### SOURCE DATA:
(* Let $\alpha\in(0,\kappa(\mathbf{A})^{-1/2})$ and let $\lambda>0$ satisfy $\alpha\le\kappa(\mathbf{A})^{-1/2}(1-\|\mathbf{A}\|\lambda^2)^{1/2}$. Let $\Lambda=\Lambda_0\times\cdots\times\Lambda_J\subset\mathcal{G}$ be a finite product set and $\mathbf{w}_\Lambda\in\ell_2(\mathcal{G})$ with $\operatorname{supp}\mathbf{w}_\Lambda\subseteq\Lambda$. Assume that $\pi^{(0)}(\mathbf{u})\in\mathcal{A}^{s_1}(\mathcal{G}_0)$ and $\pi^{(j)}(\mathbf{u})\in\mathcal{A}^{s_2}(\mathcal{G}_j)$ for $j=1,\dots,J$, with $s_1,s_2>0$. Let $\Lambda^*=\Lambda^*_0\times\cdots\times\Lambda^*_J\subset\mathcal{G}$ be a minimizer of $\sum_{j=0}^J\#(\Lambda^*_j\setminus\Lambda_j)$ among the product sets satisfying \[\|\mathbf{R}_{\Lambda^*}(\mathbf{A}\mathbf{w}_\Lambda-\mathbf{f})\|\ge\alpha\|\mathbf{A}\mathbf{w}_\Lambda-\mathbf{f}\|.\] Then \[ \sum_{j=0}^J\#(\Lambda^*_j\setminus\Lambda_j)\le 2C^{1/s_1}\|\mathbf{A}\mathbf{w}_\Lambda-\mathbf{f}\|^{-1/s_1}\|\pi^{(0)}(\mathbf{u})\|_{\mathcal{A}^{s_1}}^{1/s_1}+2C^{1/s_2}\|\mathbf{A}\mathbf{w}_\Lambda-\mathbf{f}\|^{-1/s_2}\sum_{j=1}^J\|\pi^{(j)}(\mathbf{u})\|_{\mathcal{A}^{s_2}}^{1/s_2}, \] where $C=(J+1)\sqrt{\|\mathbf{A}\|}/\lambda$.
   Context: Parametric problem: $D\subset\mathbb{R}^d$ a domain, $V=H^1_0(D)$, $f\in L_2(D)$, $a(x,y)=\bar a(x)+\sum_{j\ge1}y_j\theta_j(x)$ with $\bar a,\theta_j\in L_\infty(D)$, $y\in Y=[-1,1]^{\mathbb{N}}$, and $\bar a-\sum_j|\theta_j|\ge r>0$. Let $\sigma$ be the uniform product probability measure on $Y$, $\mathcal{F}=\{\nu\in\mathbb{N}_0^{\mathbb{N}}:$ finitely many nonzero entries$\}$, $L_\nu(y)=\prod_i L_{\nu_i}(y_i)$ the $L_2(Y;\sigma)$-orthonormal product Legendre polynomials, and $\{\psi_\lambda\}_{\lambda\in\mathcal{S}}$ a Riesz basis of $V$. The operator $\mathbf{A}$ on $\ell_2(\mathcal{F}\times\mathcal{S})$ has entries $\mathbf{A}_{(\nu,\lambda),(\nu',\lambda')}=\int_Y\int_D a(x,y)\nabla\psi_{\lambda'}\cdot\nabla\psi_\lambda\,L_\nu L_{\nu'}\,dx\,d\sigma(y)$, and $\mathbf{f}_{(\nu,\lambda)}=\int_D f\psi_\lambda\,dx\int_Y L_\nu\,d\sigma$; $\mathbf{A}$ is bounded, symmetric and positive definite on $\ell_2$, $\kappa(\mathbf{A})=\|\mathbf{A}\|\|\mathbf{A}^{-1}\|$, and $\mathbf{u}$ is the solution of $\mathbf{A}\mathbf{u}=\mathbf{f}$. Fix $J\ge1$ and identify $\mathcal{F}\times\mathcal{S}$ with $\mathcal{G}=\mathcal{G}_0\times\mathcal{G}_1\times\cdots\times\mathcal{G}_J$, where $\mathcal{G}_0=\mathcal{F}\times\mathcal{S}$ (index $(\bar\nu,\lambda)$ with $\bar\nu=(\nu_{J+1},\nu_{J+2},\dots)$ the tail multi-index) and $\mathcal{G}_j=\mathbb{N}_0$ (index $\nu_j$) for $j=1,\dots,J$. $\|\cdot\|$ denotes the $\ell_2$ norm; a product set is $\Lambda_0\times\cdots\times\Lambda_J$ with $\Lambda_j\subseteq\mathcal{G}_j$; $\mathbf{R}_\Lambda$ is pointwise multiplication by the indicator of $\Lambda$. Contractions of $\mathbf{v}\in\ell_2(\mathcal{G})$: $\pi^{(0)}(\mathbf{v})\in\ell_2(\mathcal{G}_0)$ with $\pi^{(0)}_{(\bar\nu,\lambda)}(\mathbf{v})=(\sum_{(\nu_1,\dots,\nu_J)}|\mathbf{v}_{(\bar\nu,\lambda),\nu_1,\dots,\nu_J}|^2)^{1/2}$, and for $j=1,\dots,J$, $\pi^{(j)}(\mathbf{v})\in\ell_2(\mathcal{G}_j)$ with $\pi^{(j)}_{\nu_j}(\mathbf{v})=(\sum_{(\bar\nu,\lambda)}\sum_{\nu_i,\,i\neq j}|\mathbf{v}_{(\bar\nu,\lambda),\nu_1,\dots,\nu_J}|^2)^{1/2}$. Approximation classes: for a countable set $\mathcal{H}$ and $s>0$, $\mathcal{A}^s(\mathcal{H})$ is the set of $\mathbf{v}\in\ell_2(\mathcal{H})$ with $\|\mathbf{v}\|_{\mathcal{A}^s}:=\sup_{N\in\mathbb{N}_0}(N+1)^s\inf_{\#\operatorname{supp}\mathbf{v}_N\le N}\|\mathbf{v}-\mathbf{v}_N\|<\infty$. *)

From mathcomp Require Import all_boot all_order all_algebra.
From mathcomp Require Import all_classical all_reals all_analysis.
Set Implicit Arguments. Unset Strict Implicit. Unset Printing Implicit Defensive.
Import Order.TTheory GRing.Theory Num.Theory.
Local Open Scope classical_set_scope.
Local Open Scope ring_scope.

### TASK DIRECTIONS:
Give back each entry above precisely as it was written.

### SOLUTION FOR THIS PROBLEM:
(* Let $\alpha\in(0,\kappa(\mathbf{A})^{-1/2})$ and let $\lambda>0$ satisfy $\alpha\le\kappa(\mathbf{A})^{-1/2}(1-\|\mathbf{A}\|\lambda^2)^{1/2}$. Let $\Lambda=\Lambda_0\times\cdots\times\Lambda_J\subset\mathcal{G}$ be a finite product set and $\mathbf{w}_\Lambda\in\ell_2(\mathcal{G})$ with $\operatorname{supp}\mathbf{w}_\Lambda\subseteq\Lambda$. Assume that $\pi^{(0)}(\mathbf{u})\in\mathcal{A}^{s_1}(\mathcal{G}_0)$ and $\pi^{(j)}(\mathbf{u})\in\mathcal{A}^{s_2}(\mathcal{G}_j)$ for $j=1,\dots,J$, with $s_1,s_2>0$. Let $\Lambda^*=\Lambda^*_0\times\cdots\times\Lambda^*_J\subset\mathcal{G}$ be a minimizer of $\sum_{j=0}^J\#(\Lambda^*_j\setminus\Lambda_j)$ among the product sets satisfying \[\|\mathbf{R}_{\Lambda^*}(\mathbf{A}\mathbf{w}_\Lambda-\mathbf{f})\|\ge\alpha\|\mathbf{A}\mathbf{w}_\Lambda-\mathbf{f}\|.\] Then \[ \sum_{j=0}^J\#(\Lambda^*_j\setminus\Lambda_j)\le 2C^{1/s_1}\|\mathbf{A}\mathbf{w}_\Lambda-\mathbf{f}\|^{-1/s_1}\|\pi^{(0)}(\mathbf{u})\|_{\mathcal{A}^{s_1}}^{1/s_1}+2C^{1/s_2}\|\mathbf{A}\mathbf{w}_\Lambda-\mathbf{f}\|^{-1/s_2}\sum_{j=1}^J\|\pi^{(j)}(\mathbf{u})\|_{\mathcal{A}^{s_2}}^{1/s_2}, \] where $C=(J+1)\sqrt{\|\mathbf{A}\|}/\lambda$.
   Context: Parametric problem: $D\subset\mathbb{R}^d$ a domain, $V=H^1_0(D)$, $f\in L_2(D)$, $a(x,y)=\bar a(x)+\sum_{j\ge1}y_j\theta_j(x)$ with $\bar a,\theta_j\in L_\infty(D)$, $y\in Y=[-1,1]^{\mathbb{N}}$, and $\bar a-\sum_j|\theta_j|\ge r>0$. Let $\sigma$ be the uniform product probability measure on $Y$, $\mathcal{F}=\{\nu\in\mathbb{N}_0^{\mathbb{N}}:$ finitely many nonzero entries$\}$, $L_\nu(y)=\prod_i L_{\nu_i}(y_i)$ the $L_2(Y;\sigma)$-orthonormal product Legendre polynomials, and $\{\psi_\lambda\}_{\lambda\in\mathcal{S}}$ a Riesz basis of $V$. The operator $\mathbf{A}$ on $\ell_2(\mathcal{F}\times\mathcal{S})$ has entries $\mathbf{A}_{(\nu,\lambda),(\nu',\lambda')}=\int_Y\int_D a(x,y)\nabla\psi_{\lambda'}\cdot\nabla\psi_\lambda\,L_\nu L_{\nu'}\,dx\,d\sigma(y)$, and $\mathbf{f}_{(\nu,\lambda)}=\int_D f\psi_\lambda\,dx\int_Y L_\nu\,d\sigma$; $\mathbf{A}$ is bounded, symmetric and positive definite on $\ell_2$, $\kappa(\mathbf{A})=\|\mathbf{A}\|\|\mathbf{A}^{-1}\|$, and $\mathbf{u}$ is the solution of $\mathbf{A}\mathbf{u}=\mathbf{f}$. Fix $J\ge1$ and identify $\mathcal{F}\times\mathcal{S}$ with $\mathcal{G}=\mathcal{G}_0\times\mathcal{G}_1\times\cdots\times\mathcal{G}_J$, where $\mathcal{G}_0=\mathcal{F}\times\mathcal{S}$ (index $(\bar\nu,\lambda)$ with $\bar\nu=(\nu_{J+1},\nu_{J+2},\dots)$ the tail multi-index) and $\mathcal{G}_j=\mathbb{N}_0$ (index $\nu_j$) for $j=1,\dots,J$. $\|\cdot\|$ denotes the $\ell_2$ norm; a product set is $\Lambda_0\times\cdots\times\Lambda_J$ with $\Lambda_j\subseteq\mathcal{G}_j$; $\mathbf{R}_\Lambda$ is pointwise multiplication by the indicator of $\Lambda$. Contractions of $\mathbf{v}\in\ell_2(\mathcal{G})$: $\pi^{(0)}(\mathbf{v})\in\ell_2(\mathcal{G}_0)$ with $\pi^{(0)}_{(\bar\nu,\lambda)}(\mathbf{v})=(\sum_{(\nu_1,\dots,\nu_J)}|\mathbf{v}_{(\bar\nu,\lambda),\nu_1,\dots,\nu_J}|^2)^{1/2}$, and for $j=1,\dots,J$, $\pi^{(j)}(\mathbf{v})\in\ell_2(\mathcal{G}_j)$ with $\pi^{(j)}_{\nu_j}(\mathbf{v})=(\sum_{(\bar\nu,\lambda)}\sum_{\nu_i,\,i\neq j}|\mathbf{v}_{(\bar\nu,\lambda),\nu_1,\dots,\nu_J}|^2)^{1/2}$. Approximation classes: for a countable set $\mathcal{H}$ and $s>0$, $\mathcal{A}^s(\mathcal{H})$ is the set of $\mathbf{v}\in\ell_2(\mathcal{H})$ with $\|\mathbf{v}\|_{\mathcal{A}^s}:=\sup_{N\in\mathbb{N}_0}(N+1)^s\inf_{\#\operatorname{supp}\mathbf{v}_N\le N}\|\mathbf{v}-\mathbf{v}_N\|<\infty$. *)

From mathcomp Require Import all_boot all_order all_algebra.
From mathcomp Require Import all_classical all_reals all_analysis.
Set Implicit Arguments. Unset Strict Implicit. Unset Printing Implicit Defensive.
Import Order.TTheory GRing.Theory Num.Theory.
Local Open Scope classical_set_scope.
Local Open Scope ring_scope.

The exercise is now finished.